Lemma orbit_key_imset :
  orbit_key @: G = if G \isog 'Q_8 then [set~ (true, false)] else [set: bool * bool].
Proof.
have k1 : (false, true) \in orbit_key @: G.
  by apply/imsetP; exists 1; rewrite // /orbit_key order1 group1.
have k2 : (true, true) \in orbit_key @: G.
  by apply/imsetP; exists z; rewrite ?mem_z // /orbit_key order_z center_z.
have k3 : (false, false) \in orbit_key @: G.
  have [x Gx ox] := exponent_witness (pgroup_nil pG).
  rewrite (exponent_2extraspecial pG esG) in ox.
  apply/imsetP; exists x => //; rewrite /orbit_key -ox; congr pair.
  by apply/esym/negbTE/negP => /centerP[] xE; move: ox; rewrite xE ?order1 ?order_z.
have k4 : ((true, false) \in orbit_key @: G) = ~~ (G \isog 'Q_8).
  apply/imsetP/idP => [[x Gx [/esym/eqP ox /esym/negbT nZx]] | nQ8].
    by apply/negP => /Q8_involutions_central/(_ x Gx ox); apply/negP.
  have [x Gx /andP[ox nZx]] : exists2 x, x \in G & (#[x] == 2) && (x \notin 'Z(G)).
    apply/exists_inP; apply: contraR nQ8 => /exists_inPn inv_central.
    apply: involutions_central_Q8 => x Gx ox.
    by move: (inv_central x Gx); rewrite ox eqxx negbK.
  by exists x; rewrite // /orbit_key ox (negPf nZx).
by case: ifP => isoQ; apply/setP => -[[] []]; rewrite !inE ?k1 ?k2 ?k3 ?k4 ?isoQ.
Qed.

End Extraspecial2.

___

--- Goal of the exercise ---
Every line of the material above must be duplicated exactly.

--- Expected output ---
Lemma orbit_key_imset :
  orbit_key @: G = if G \isog 'Q_8 then [set~ (true, false)] else [set: bool * bool].
Proof.
have k1 : (false, true) \in orbit_key @: G.
  by apply/imsetP; exists 1; rewrite // /orbit_key order1 group1.
have k2 : (true, true) \in orbit_key @: G.
  by apply/imsetP; exists z; rewrite ?mem_z // /orbit_key order_z center_z.
have k3 : (false, false) \in orbit_key @: G.
  have [x Gx ox] := exponent_witness (pgroup_nil pG).
  rewrite (exponent_2extraspecial pG esG) in ox.
  apply/imsetP; exists x => //; rewrite /orbit_key -ox; congr pair.
  by apply/esym/negbTE/negP => /centerP[] xE; move: ox; rewrite xE ?order1 ?order_z.
have k4 : ((true, false) \in orbit_key @: G) = ~~ (G \isog 'Q_8).
  apply/imsetP/idP => [[x Gx [/esym/eqP ox /esym/negbT nZx]] | nQ8].
    by apply/negP => /Q8_involutions_central/(_ x Gx ox); apply/negP.
  have [x Gx /andP[ox nZx]] : exists2 x, x \in G & (#[x] == 2) && (x \notin 'Z(G)).
    apply/exists_inP; apply: contraR nQ8 => /exists_inPn inv_central.
    apply: involutions_central_Q8 => x Gx ox.
    by move: (inv_central x Gx); rewrite ox eqxx negbK.
  by exists x; rewrite // /orbit_key ox (negPf nZx).
by case: ifP => isoQ; apply/setP => -[[] []]; rewrite !inE ?k1 ?k2 ?k3 ?k4 ?isoQ.
Qed.

End Extraspecial2.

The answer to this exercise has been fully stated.